-
Notifications
You must be signed in to change notification settings - Fork 3
Open
Labels
Description
This came up after issue #45
when resolving a HEMP, FoLiA-correct just adds the resolved text to one of the string/word nodes.

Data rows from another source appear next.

Lemma Rabs_sub_le_of_segment x0 t s : Rmin x0 t <= s <= Rmax x0 t ->
  Rabs (s - x0) <= Rabs (t - x0).
Proof.
  intros H. unfold Rmin, Rmax in H. destruct Rle_dec.
  - rewrite !Rabs_right; lra.
  - rewrite !Rabs_left1; lra.
Qed.

Lemma first_crossing f a b L : a < b -> (forall x, a <= x <= b -> continuity_pt f x) ->
  L < f a -> f b <= L ->
  exists s, a < s <= b /\ f s = L /\ forall t, a <= t < s -> L < f t.
Proof.
  intros Hab Hc Ha Hb.
  set (E := fun x => a <= x <= b /\ forall t, a <= t <= x -> L < f t).
  assert (HB : bound E) by (exists b; intros x [Hx _]; lra).
  assert (HE : exists x, E x).
  { exists a. split; [lra|]. intros t Ht. replace t with a by lra. exact Ha. }
  destruct (completeness E HB HE) as [m [Hub Hlub]].
  assert (Ham : a <= m)
    by (apply Hub; split; [lra| intros t Ht; replace t with a by lra; exact Ha]).
  assert (Hmb : m <= b) by (apply Hlub; intros x [Hx _]; lra).
  assert (below : forall t, a <= t < m -> L < f t).
  { intros t Ht. destruct (Rlt_le_dec L (f t)) as [h|h]; auto.
    exfalso. assert (m <= t); [|lra]. apply Hlub. intros x [Hx Hx'].
    destruct (Rle_lt_dec x t) as [h'|h']; auto.
    specialize (Hx' t ltac:(lra)). lra. }
  assert (at_m_le : f m <= L).
  { destruct (Rle_lt_dec (f m) L) as [h|h]; auto. exfalso.
    destruct (Req_dec m b) as [Heq|Hne]. { subst m; lra. }
    destruct (continuity_pt_eps f m (Hc m ltac:(lra)) (f m - L) ltac:(lra)) as [d [Hd Hd']].
    set (x' := Rmin (m + d/2) b).
    assert (Hx'm : m < x') by (unfold x', Rmin; destruct Rle_dec; lra).
    assert (E x').
    { split. unfold x', Rmin; destruct Rle_dec; lra.
      intros t Ht. destruct (Rlt_le_dec t m) as [h1|h1]. apply below; lra.
      assert (Rabs (t - m) < d).
      { unfold x', Rmin in Ht; destruct Rle_dec; apply Rabs_def1; lra. }
      specialize (Hd' t H). apply Rabs_def2 in Hd'. lra. }
    specialize (Hub x' H). lra. }
  assert (at_m_ge : L <= f m).
  { destruct (Rle_lt_dec L (f m)) as [h|h]; auto. exfalso.
    assert (Hma : a < m). { destruct (Req_dec a m) as [<-|]; lra. }
    destruct (continuity_pt_eps f m (Hc m ltac:(lra)) (L - f m) ltac:(lra)) as [d [Hd Hd']].
    set (t := Rmax a (m - d/2)).
    assert (Ht1 : a <= t < m) by (unfold t, Rmax; destruct Rle_dec; lra).
    assert (Rabs (t - m) < d) by (unfold t, Rmax in *; destruct Rle_dec; apply Rabs_def1; lra).
    specialize (Hd' t H). apply Rabs_def2 in Hd'. specialize (below t Ht1). lra. }
  exists m. split; [|split; [lra| exact below]].
  split; auto. destruct (Req_dec a m) as [<-|]; lra.
Qed.

Lemma derivable_pt_lim_nonpos_of_left_gt f s d a : derivable_pt_lim f s d -> a < s ->
  (forall t, a <= t < s -> f s < f t) -> d <= 0.
Proof.
  intros Hd Has Ht. destruct (Rle_lt_dec d 0) as [h|h]; auto. exfalso.
  destruct (Hd d h) as [del Hdel].
  set (hh := - Rmin (del/2) ((s - a)/2)).
  assert (Hdp := cond_pos del).
  assert (Hh1 : hh < 0) by (unfold hh, Rmin; destruct Rle_dec; lra).
  assert (Hh2 : Rabs hh < del) by (unfold hh, Rmin; destruct Rle_dec; rewrite Rabs_left; lra).
  specialize (Hdel hh ltac:(lra) Hh2).
  assert (f s < f (s + hh)) by (apply Ht; unfold hh, Rmin; destruct Rle_dec; lra).
  apply Rabs_def2 in Hdel. destruct Hdel as [_ Hdel].
  assert (Q : (f (s + hh) - f s) / hh * hh = f (s + hh) - f s) by (field; lra).
  set (q := (f (s + hh) - f s) / hh) in *. nra.
Qed.

Lemma derivable_pt_lim_pos_right_gt f s d : derivable_pt_lim f s d -> 0 < d ->
  exists e, 0 < e /\ forall t, s < t < s + e -> f s < f t.
Proof.
  intros Hd h. destruct (Hd d h) as [del Hdel].
  exists del. split. apply cond_pos. intros t Ht.
  specialize (Hdel (t - s) ltac:(lra)).
  replace (s + (t - s)) with t in Hdel by ring.
  assert (Rabs (t - s) < del) by (rewrite Rabs_right; lra).
  specialize (Hdel H). apply Rabs_def2 in Hdel.
  assert (Q : (f t - f s) / (t - s) * (t - s) = f t - f s) by (field; lra).
  set (q := (f t - f s) / (t - s)) in *. nra.
Qed.

Lemma MVT_lower f df a b m : a <= b -> (forall x, a < x < b -> is_derive f x (df x)) ->
  (forall x, a <= x <= b -> continuity_pt f x) -> (forall x, a <= x <= b -> m <= df x) ->
  f a + m * (b - a) <= f b.
Proof.
  intros Hab Hd Hc Hm.
  destruct (MVT_gen f a b df) as [c [Hc1 Hc2]].
  - intros x Hx. apply Hd. rewrite Rmin_left, Rmax_right in Hx; lra.
  - intros x Hx. apply Hc. rewrite Rmin_left, Rmax_right in Hx; lra.
  - rewrite Rmin_left, Rmax_right in Hc1 by lra. specialize (Hm c Hc1). nra.
Qed.

Lemma MVT_upper f df a b m : a <= b -> (forall x, a < x < b -> is_derive f x (df x)) ->
  (forall x, a <= x <= b -> continuity_pt f x) -> (forall x, a <= x <= b -> df x <= m) ->
  f b <= f a + m * (b - a).
Proof.
  intros Hab Hd Hc Hm.
  apply (MVT_lower (fun x => - f x) (fun x => - df x) a b (- m)) in Hab; auto.
  - lra.
  - intros x Hx. apply (is_derive_opp f x (df x)), Hd, Hx.
  - intros x Hx. apply continuity_pt_opp, Hc, Hx.
  - intros x Hx. specialize (Hm x Hx). lra.
Qed.

Lemma Rpower_gt_0 x y : 0 < Rpower x y.
Proof. unfold Rpower; apply exp_pos. Qed.

Lemma Rpower_le_self x p : 1 <= p -> 0 < x <= 1 -> Rpower x p <= x.
Proof.
  intros hp hx. replace p with (1 + (p - 1)) by ring. rewrite Rpower_plus, Rpower_1 by lra.
  assert (Rpower x (p - 1) <= Rpower 1 (p - 1)) by (apply Rle_Rpower_l; lra).
  replace (Rpower 1 (p - 1)) with 1 in H
    by (unfold Rpower; rewrite ln_1, Rmult_0_r, exp_0; reflexivity).
  assert (0 < Rpower x (p - 1)) by apply Rpower_gt_0. nra.
Qed.

Lemma is_derive_Rpower x p : 0 < x ->
  is_derive (fun u => Rpower u p) x (p * Rpower x (p - 1)).
Proof. intros h. apply is_derive_Reals, derivable_pt_lim_power, h. Qed.

Lemma Rpower_lipschitz a b u w p : 0 < a -> 1 <= p -> a <= u <= b -> a <= w <= b ->
  Rabs (Rpower u p - Rpower w p) <= p * Rpower b (p - 1) * Rabs (u - w).
Proof.
  intros ha hp hu hw.
  assert (Hd : forall x, a <= x <= b -> 0 <= p * Rpower x (p - 1) <= p * Rpower b (p - 1)).
  { intros x hx. assert (0 < Rpower x (p - 1)) by apply Rpower_gt_0. split; [nra|].
    apply Rmult_le_compat_l; [lra|]. apply Rle_Rpower_l; lra. }
  assert (ordered : forall u w, a <= u <= w -> w <= b ->
     0 <= Rpower w p - Rpower u p <= p * Rpower b (p - 1) * (w - u)).
  { intros u0 w0 H1 H2.
    assert (Hder : forall x, u0 < x < w0 ->
      is_derive (fun u => Rpower u p) x (p * Rpower x (p - 1))).
    { intros; apply is_derive_Rpower; lra. }
    assert (Hc : forall x, u0 <= x <= w0 -> continuity_pt (fun u => Rpower u p) x).
    { intros x Hx. eapply continuity_pt_of_is_derive, is_derive_Rpower; lra. }
    assert (G1 := MVT_lower _ _ u0 w0 0 ltac:(lra) Hder Hc ltac:(intros x hx; apply Hd; lra)).
    assert (G2 := MVT_upper _ _ u0 w0 _ ltac:(lra) Hder Hc ltac:(intros x hx; apply Hd; lra)).
    simpl in G1, G2. lra. }
  destruct (Rle_dec u w) as [h|h].
  - destruct (ordered u w ltac:(lra) ltac:(lra)).
    rewrite !Rabs_left1 by lra. lra.
  - destruct (ordered w u ltac:(lra) ltac:(lra)).
    rewrite !Rabs_right by lra. lra.
Qed.

Lemma abspow_of_pos u p : 0 < u -> abspow u p = Rpower u p.
Proof.
  intros h. unfold abspow. destruct (Req_EM_T u 0); [lra|]. rewrite Rabs_right; lra.
Qed.

Lemma abspow_opp u p : abspow (- u) p = abspow u p.
Proof.
  unfold abspow. destruct (Req_EM_T (-u) 0), (Req_EM_T u 0); try lra.
  rewrite Rabs_Ropp; reflexivity.
Qed.

Lemma abspow_ge_0 u p : 0 <= abspow u p.
Proof. unfold abspow. destruct Req_EM_T; [lra|]. left; apply Rpower_gt_0. Qed.

Lemma is_derive_abspow u p : 0 < u -> is_derive (fun u => abspow u p) u (p * Rpower u (p - 1)).
Proof.
  intros h. apply is_derive_ext_loc with (fun u => Rpower u p); [|apply is_derive_Rpower; auto].
  apply locally_of_Rabs with u; auto. intros y Hy. apply Rabs_def2 in Hy.
  symmetry. apply abspow_of_pos. lra.
Qed.

Lemma continuity_pt_abspow u p : 1 <= p -> continuity_pt (fun u => abspow u p) u.
Proof.
  intros hp. destruct (Rtotal_order u 0) as [h|[->|h]].
  - assert (Hc : continuity_pt (comp (fun u => abspow u p) (fun u => - u)) u).
    { apply continuity_pt_comp. apply continuity_pt_opp, continuity_pt_id.
      eapply continuity_pt_of_is_derive, is_derive_abspow. lra. }
    intros eps He. destruct (Hc eps He) as [d [Hd H']]. exists d; split; auto.
    intros x Hx. specialize (H' x Hx). unfold comp in H'. rewrite !abspow_opp in H'. exact H'.
  - apply continuity_pt_of_eps. intros eps He. exists (Rmin eps 1). split.
    { apply Rmin_pos; lra. }
    intros y Hy. rewrite Rminus_0_r in Hy.
    replace (abspow 0 p) with 0 by (unfold abspow; destruct Req_EM_T; lra).
    unfold abspow. destruct Req_EM_T. { rewrite Rminus_0_r, Rabs_R0; lra. }
    rewrite Rminus_0_r, Rabs_right by (left; apply Rpower_gt_0).
    assert (Rabs y < eps /\ Rabs y < 1) by (unfold Rmin in Hy; destruct Rle_dec; lra).
    assert (0 < Rabs y) by (apply Rabs_pos_lt; auto).
    assert (Rpower (Rabs y) p <= Rabs y) by (apply Rpower_le_self; lra). lra.
  - eapply continuity_pt_of_is_derive, is_derive_abspow. lra.
Qed.

Lemma Rpower_lt_of_lt_root a k q : 0 < q -> 0 < k -> 0 < a -> a < Rpower k (/ q) ->
  Rpower a q < k.
Proof.
  intros hq hk ha H. assert (G := Rlt_Rpower_l a _ q hq (conj ha H)).
  rewrite Rpower_mult, Rinv_l, Rpower_1 in G by lra. exact G.
Qed.

(** * Local existence by Picard iteration *)

Lemma ex_RInt_of_segment_continuity k a t :
  (forall s, Rmin a t <= s <= Rmax a t -> continuity_pt k s) -> ex_RInt k a t.
Proof.
  intros H. apply (ex_RInt_continuous (V := R_CompleteNormedModule)).
  intros z Hz. apply continuity_pt_filterlim, H, Hz.
Qed.

Lemma ex_RInt_of_continuous k a t : (forall s, continuity_pt k s) -> ex_RInt k a t.
Proof. intros H. apply ex_RInt_of_segment_continuity. intros; apply H. Qed.

Lemma abs_RInt_le k a t M : ex_RInt k a t ->
  (forall s, Rmin a t <= s <= Rmax a t -> Rabs (k s) <= M) ->
  Rabs (RInt k a t) <= Rabs (t - a) * M.
Proof.
  intros He Hb. destruct (Rle_lt_dec a t) as [h|h].
  - rewrite (Rabs_right (t - a)) by lra. apply abs_RInt_le_const; [lra|auto|].
    intros s Hs. apply Hb. rewrite Rmin_left, Rmax_right; lra.
  - rewrite (Rabs_left (t - a)) by lra. rewrite <- opp_RInt_swap by (apply ex_RInt_swap; auto).
    change (opp (RInt k t a)) with (- RInt k t a). rewrite Rabs_Ropp.
    replace (- (t - a)) with (a - t) by ring.
    apply abs_RInt_le_const; [lra| apply ex_RInt_swap; auto|].
    intros s Hs. apply Hb. rewrite Rmin_right, Rmax_left; lra.
Qed.

Lemma is_derive_RInt_loc k a t r : 0 < r ->
  (forall s, Rabs (s - t) < r -> continuity_pt k s) ->
  (forall b, Rabs (b - t) < r -> ex_RInt k a b) ->
  is_derive (fun s => RInt k a s) t (k t).
Proof.
  intros hr Hc He. apply (is_derive_RInt k (fun s => RInt k a s) a t).
  - apply locally_of_Rabs with r; auto. intros y Hy.
    apply (RInt_correct (V := R_CompleteNormedModule)), He, Hy.
  - apply continuity_pt_filterlim, Hc. rewrite Rminus_eq_0, Rabs_R0; lra.
Qed.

I assume using a real Correction would be better.
for example:
<p xml:id="mwsel.p.1">
<t class="OCR">•c c•</t>
<str xml:id="mwsel.p.1.str.1">
<t class="OCR">•c</t>
</str>
<str xml:id="mwsel.p.1.str.2">
<t class="OCR">c•</t>
</str>
</p>assuming •c c• is in the PUNCT file as •c c• cc this HEMP is resolved as:
<p xml:id="mwsel.p.1">
<t>cc</t>
<t class="OCR">•c c•</t>
<str xml:id="mwsel.p.1.str.1">
<t class="OCR">•c</t>
</str>
<str xml:id="mwsel.p.1.str.2">
<t offset="0">cc</t>
<t class="OCR">c•</t>
</str>
</p>IMHO a much better solution would be:
<p xml:id="mwsel.p.1">
<t>cc</t>
<t class="OCR">•c c•</t>
<correction xml:id="mwsel.p.1.correction.1">
<new>
<str xml:id="mwsel.p.1.str.edit.1">
<t >cc</t>
</str>
</new>
<original>
<str xml:id="mwsel.p.1.str.1">
<t class="OCR">•c</t>
</str>
<str xml:id="mwsel.p.1.str.2">
<t class="OCR">c•</t>
</str>
</original>
</correction>
</p>interesting point: HEMP resolution is done before other corrections. I assume that a real correction using the cc will not be performed.